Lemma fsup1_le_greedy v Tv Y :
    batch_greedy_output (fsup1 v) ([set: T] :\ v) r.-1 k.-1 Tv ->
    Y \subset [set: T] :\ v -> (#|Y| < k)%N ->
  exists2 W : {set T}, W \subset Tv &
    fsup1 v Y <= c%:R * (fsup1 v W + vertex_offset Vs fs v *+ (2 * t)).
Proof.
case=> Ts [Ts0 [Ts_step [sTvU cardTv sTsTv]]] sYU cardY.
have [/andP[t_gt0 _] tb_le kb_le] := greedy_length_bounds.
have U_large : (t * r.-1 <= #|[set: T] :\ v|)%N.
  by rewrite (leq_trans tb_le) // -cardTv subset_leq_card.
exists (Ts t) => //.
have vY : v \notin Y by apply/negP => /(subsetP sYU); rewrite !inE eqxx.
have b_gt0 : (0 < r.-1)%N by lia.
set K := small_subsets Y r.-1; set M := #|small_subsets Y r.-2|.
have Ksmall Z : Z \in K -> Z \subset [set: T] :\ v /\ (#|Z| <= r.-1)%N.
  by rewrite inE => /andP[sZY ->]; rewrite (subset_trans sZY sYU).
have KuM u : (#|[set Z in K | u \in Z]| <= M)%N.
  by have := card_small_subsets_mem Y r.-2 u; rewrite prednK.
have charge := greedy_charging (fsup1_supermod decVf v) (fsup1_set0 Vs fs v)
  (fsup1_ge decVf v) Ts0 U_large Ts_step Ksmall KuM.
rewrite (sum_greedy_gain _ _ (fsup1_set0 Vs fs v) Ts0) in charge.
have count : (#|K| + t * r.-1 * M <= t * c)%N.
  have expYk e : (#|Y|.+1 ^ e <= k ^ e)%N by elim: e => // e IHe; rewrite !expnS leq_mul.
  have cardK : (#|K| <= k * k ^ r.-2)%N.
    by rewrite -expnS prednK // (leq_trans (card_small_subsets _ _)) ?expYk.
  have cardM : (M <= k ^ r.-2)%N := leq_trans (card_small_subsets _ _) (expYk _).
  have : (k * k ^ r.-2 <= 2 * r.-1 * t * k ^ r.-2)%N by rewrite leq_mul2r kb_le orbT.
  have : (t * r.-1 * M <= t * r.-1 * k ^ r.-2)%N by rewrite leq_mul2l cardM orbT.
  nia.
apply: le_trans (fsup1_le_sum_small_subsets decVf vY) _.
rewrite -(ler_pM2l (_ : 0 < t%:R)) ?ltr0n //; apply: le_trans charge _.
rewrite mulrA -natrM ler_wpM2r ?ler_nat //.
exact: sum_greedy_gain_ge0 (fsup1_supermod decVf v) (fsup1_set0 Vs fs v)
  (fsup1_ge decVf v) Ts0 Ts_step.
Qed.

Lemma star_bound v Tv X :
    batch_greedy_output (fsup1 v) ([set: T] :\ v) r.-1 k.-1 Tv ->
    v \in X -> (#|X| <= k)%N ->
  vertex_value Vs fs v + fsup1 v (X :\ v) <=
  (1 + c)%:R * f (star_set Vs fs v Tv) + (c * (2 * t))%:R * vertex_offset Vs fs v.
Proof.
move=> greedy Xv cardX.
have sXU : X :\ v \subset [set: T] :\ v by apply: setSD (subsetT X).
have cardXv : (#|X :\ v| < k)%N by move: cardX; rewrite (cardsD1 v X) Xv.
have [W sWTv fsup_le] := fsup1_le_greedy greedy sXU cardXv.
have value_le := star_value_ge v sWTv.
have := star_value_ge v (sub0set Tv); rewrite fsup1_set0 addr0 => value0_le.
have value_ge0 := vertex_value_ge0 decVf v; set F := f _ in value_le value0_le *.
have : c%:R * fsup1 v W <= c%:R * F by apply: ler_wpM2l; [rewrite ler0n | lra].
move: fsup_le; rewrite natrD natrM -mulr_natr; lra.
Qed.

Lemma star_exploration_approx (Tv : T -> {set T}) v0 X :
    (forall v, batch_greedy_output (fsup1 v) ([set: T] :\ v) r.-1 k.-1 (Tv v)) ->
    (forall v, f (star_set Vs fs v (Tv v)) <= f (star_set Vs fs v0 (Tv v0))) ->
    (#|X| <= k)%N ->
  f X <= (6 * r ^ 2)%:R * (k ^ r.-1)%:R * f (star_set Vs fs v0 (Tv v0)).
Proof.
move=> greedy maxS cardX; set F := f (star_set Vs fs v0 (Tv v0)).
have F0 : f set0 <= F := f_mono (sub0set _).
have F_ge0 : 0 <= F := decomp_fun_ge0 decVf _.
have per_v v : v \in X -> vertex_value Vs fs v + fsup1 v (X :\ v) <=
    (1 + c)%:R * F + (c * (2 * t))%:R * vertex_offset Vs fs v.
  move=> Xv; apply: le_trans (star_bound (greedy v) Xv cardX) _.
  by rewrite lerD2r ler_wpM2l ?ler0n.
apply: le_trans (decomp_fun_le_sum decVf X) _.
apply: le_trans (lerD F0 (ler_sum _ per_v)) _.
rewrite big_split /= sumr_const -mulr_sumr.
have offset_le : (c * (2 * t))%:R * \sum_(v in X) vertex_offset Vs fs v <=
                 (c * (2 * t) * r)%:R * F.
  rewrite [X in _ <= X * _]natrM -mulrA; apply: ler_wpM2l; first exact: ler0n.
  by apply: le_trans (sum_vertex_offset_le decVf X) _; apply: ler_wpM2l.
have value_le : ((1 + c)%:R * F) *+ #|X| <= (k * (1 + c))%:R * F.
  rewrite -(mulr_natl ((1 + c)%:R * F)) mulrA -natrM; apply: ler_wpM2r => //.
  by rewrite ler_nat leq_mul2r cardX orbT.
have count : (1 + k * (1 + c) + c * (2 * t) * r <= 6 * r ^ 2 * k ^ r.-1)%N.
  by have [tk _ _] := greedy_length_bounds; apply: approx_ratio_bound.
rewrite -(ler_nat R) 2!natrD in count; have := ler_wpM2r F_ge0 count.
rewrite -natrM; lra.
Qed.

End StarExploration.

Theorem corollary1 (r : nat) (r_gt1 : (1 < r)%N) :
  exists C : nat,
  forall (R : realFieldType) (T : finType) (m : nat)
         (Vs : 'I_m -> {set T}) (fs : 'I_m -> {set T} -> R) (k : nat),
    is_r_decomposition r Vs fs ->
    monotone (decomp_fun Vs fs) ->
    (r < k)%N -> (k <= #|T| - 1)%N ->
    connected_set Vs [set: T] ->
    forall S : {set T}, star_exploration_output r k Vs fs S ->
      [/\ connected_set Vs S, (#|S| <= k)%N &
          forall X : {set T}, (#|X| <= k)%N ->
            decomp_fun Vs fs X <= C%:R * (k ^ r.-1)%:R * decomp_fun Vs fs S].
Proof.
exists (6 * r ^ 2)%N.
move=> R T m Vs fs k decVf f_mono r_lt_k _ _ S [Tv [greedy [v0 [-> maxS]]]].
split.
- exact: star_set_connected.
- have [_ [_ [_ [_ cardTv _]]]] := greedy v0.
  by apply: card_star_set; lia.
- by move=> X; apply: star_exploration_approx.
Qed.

==

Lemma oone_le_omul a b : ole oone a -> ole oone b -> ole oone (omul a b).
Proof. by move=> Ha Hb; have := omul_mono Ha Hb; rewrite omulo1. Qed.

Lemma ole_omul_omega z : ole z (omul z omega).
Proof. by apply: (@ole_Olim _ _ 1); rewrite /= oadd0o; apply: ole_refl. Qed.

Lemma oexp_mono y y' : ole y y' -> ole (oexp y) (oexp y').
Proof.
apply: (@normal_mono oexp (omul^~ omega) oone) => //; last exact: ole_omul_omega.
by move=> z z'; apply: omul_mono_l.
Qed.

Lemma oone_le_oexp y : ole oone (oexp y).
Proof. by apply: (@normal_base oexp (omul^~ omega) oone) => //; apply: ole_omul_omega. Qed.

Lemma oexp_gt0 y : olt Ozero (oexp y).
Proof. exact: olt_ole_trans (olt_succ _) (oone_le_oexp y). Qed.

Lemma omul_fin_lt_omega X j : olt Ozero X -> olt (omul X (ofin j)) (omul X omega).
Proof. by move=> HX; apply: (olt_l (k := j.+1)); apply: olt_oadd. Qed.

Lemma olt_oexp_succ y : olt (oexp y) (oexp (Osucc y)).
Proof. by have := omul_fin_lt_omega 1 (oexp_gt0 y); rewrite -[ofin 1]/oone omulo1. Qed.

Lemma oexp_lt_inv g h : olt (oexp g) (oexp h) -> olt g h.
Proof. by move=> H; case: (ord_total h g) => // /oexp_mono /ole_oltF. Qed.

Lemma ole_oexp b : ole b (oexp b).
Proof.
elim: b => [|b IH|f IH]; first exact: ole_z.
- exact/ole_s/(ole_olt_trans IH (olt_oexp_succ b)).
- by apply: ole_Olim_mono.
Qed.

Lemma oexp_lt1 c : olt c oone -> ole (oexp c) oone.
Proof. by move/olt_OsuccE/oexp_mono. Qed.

What to produce :: Copy out precisely the lines from the line with "Lemma ole_omul_omega z" to the line with "Proof. by move/olt_OsuccE/oexp_mono. Qed." in the material above, including those two lines and omitting all the rest.

Task output ::
Lemma ole_omul_omega z : ole z (omul z omega).
Proof. by apply: (@ole_Olim _ _ 1); rewrite /= oadd0o; apply: ole_refl. Qed.

Lemma oexp_mono y y' : ole y y' -> ole (oexp y) (oexp y').
Proof.
apply: (@normal_mono oexp (omul^~ omega) oone) => //; last exact: ole_omul_omega.
by move=> z z'; apply: omul_mono_l.
Qed.

Lemma oone_le_oexp y : ole oone (oexp y).
Proof. by apply: (@normal_base oexp (omul^~ omega) oone) => //; apply: ole_omul_omega. Qed.

Lemma oexp_gt0 y : olt Ozero (oexp y).
Proof. exact: olt_ole_trans (olt_succ _) (oone_le_oexp y). Qed.

Lemma omul_fin_lt_omega X j : olt Ozero X -> olt (omul X (ofin j)) (omul X omega).
Proof. by move=> HX; apply: (olt_l (k := j.+1)); apply: olt_oadd. Qed.

Lemma olt_oexp_succ y : olt (oexp y) (oexp (Osucc y)).
Proof. by have := omul_fin_lt_omega 1 (oexp_gt0 y); rewrite -[ofin 1]/oone omulo1. Qed.

Lemma oexp_lt_inv g h : olt (oexp g) (oexp h) -> olt g h.
Proof. by move=> H; case: (ord_total h g) => // /oexp_mono /ole_oltF. Qed.

Lemma ole_oexp b : ole b (oexp b).
Proof.
elim: b => [|b IH|f IH]; first exact: ole_z.
- exact/ole_s/(ole_olt_trans IH (olt_oexp_succ b)).
- by apply: ole_Olim_mono.
Qed.

Lemma oexp_lt1 c : olt c oone -> ole (oexp c) oone.
Proof. by move/olt_OsuccE/oexp_mono. Qed.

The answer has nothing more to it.